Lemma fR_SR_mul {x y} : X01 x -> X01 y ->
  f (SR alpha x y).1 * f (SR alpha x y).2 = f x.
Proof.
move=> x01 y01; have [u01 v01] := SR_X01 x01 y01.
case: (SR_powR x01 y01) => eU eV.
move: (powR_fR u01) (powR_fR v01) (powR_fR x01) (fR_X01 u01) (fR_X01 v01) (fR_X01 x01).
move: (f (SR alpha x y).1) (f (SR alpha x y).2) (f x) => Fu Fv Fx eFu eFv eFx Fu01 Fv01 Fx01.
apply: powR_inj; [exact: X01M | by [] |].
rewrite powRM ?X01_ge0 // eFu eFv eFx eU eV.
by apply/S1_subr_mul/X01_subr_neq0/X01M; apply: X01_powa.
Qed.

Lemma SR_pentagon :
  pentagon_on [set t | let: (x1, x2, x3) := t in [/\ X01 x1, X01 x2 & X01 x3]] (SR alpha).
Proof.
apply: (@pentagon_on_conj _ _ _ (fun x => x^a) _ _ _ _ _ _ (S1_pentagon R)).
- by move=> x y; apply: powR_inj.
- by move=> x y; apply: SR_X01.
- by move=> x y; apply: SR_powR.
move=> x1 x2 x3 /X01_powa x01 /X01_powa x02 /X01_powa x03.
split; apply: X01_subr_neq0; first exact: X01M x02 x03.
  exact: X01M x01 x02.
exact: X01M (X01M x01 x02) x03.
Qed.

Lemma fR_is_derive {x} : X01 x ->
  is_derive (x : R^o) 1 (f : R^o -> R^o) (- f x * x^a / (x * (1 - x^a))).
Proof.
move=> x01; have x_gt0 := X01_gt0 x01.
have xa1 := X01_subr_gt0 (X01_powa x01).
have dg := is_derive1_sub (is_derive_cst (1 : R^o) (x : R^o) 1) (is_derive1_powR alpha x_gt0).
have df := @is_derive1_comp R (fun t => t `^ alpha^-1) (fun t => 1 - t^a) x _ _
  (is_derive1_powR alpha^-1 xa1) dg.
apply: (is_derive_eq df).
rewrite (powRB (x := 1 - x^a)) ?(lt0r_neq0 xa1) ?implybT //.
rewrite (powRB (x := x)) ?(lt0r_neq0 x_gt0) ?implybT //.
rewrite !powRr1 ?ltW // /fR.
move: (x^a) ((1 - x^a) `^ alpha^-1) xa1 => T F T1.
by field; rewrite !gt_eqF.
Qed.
▬▬▬
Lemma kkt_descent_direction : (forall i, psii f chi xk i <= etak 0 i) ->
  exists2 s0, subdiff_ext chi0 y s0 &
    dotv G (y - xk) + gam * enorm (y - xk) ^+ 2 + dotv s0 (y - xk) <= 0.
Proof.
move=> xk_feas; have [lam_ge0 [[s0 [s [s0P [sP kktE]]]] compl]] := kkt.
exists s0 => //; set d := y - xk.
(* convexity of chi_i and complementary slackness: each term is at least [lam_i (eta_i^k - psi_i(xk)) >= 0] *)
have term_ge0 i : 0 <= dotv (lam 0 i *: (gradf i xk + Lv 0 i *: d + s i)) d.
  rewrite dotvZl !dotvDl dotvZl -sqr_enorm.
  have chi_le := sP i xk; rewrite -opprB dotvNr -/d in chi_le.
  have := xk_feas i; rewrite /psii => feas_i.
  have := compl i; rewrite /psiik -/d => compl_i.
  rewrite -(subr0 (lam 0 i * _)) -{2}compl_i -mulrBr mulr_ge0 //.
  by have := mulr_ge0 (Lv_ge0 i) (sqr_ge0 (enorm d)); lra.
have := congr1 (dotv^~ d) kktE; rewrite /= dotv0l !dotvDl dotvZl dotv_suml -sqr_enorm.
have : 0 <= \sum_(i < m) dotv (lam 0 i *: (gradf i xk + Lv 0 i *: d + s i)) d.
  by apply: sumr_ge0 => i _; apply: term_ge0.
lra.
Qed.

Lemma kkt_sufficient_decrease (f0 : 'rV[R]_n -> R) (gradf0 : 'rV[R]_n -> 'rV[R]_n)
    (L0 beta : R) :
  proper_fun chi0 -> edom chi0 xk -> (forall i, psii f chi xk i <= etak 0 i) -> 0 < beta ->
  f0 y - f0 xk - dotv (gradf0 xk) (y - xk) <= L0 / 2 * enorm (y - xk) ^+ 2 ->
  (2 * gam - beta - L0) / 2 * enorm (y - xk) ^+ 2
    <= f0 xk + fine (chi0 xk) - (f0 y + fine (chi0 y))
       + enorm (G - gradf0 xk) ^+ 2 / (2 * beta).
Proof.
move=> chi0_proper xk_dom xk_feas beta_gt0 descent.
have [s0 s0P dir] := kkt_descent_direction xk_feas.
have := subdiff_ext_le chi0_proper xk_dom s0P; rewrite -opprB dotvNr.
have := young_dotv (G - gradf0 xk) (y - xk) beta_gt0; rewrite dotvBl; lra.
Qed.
▬▬▬
**Work to be completed:**
Among the lines of the material above, find those with the word "powRB". Copy each one.

**Solution for this problem:**
rewrite (powRB (x := 1 - x^a)) ?(lt0r_neq0 xa1) ?implybT //.
rewrite (powRB (x := x)) ?(lt0r_neq0 x_gt0) ?implybT //.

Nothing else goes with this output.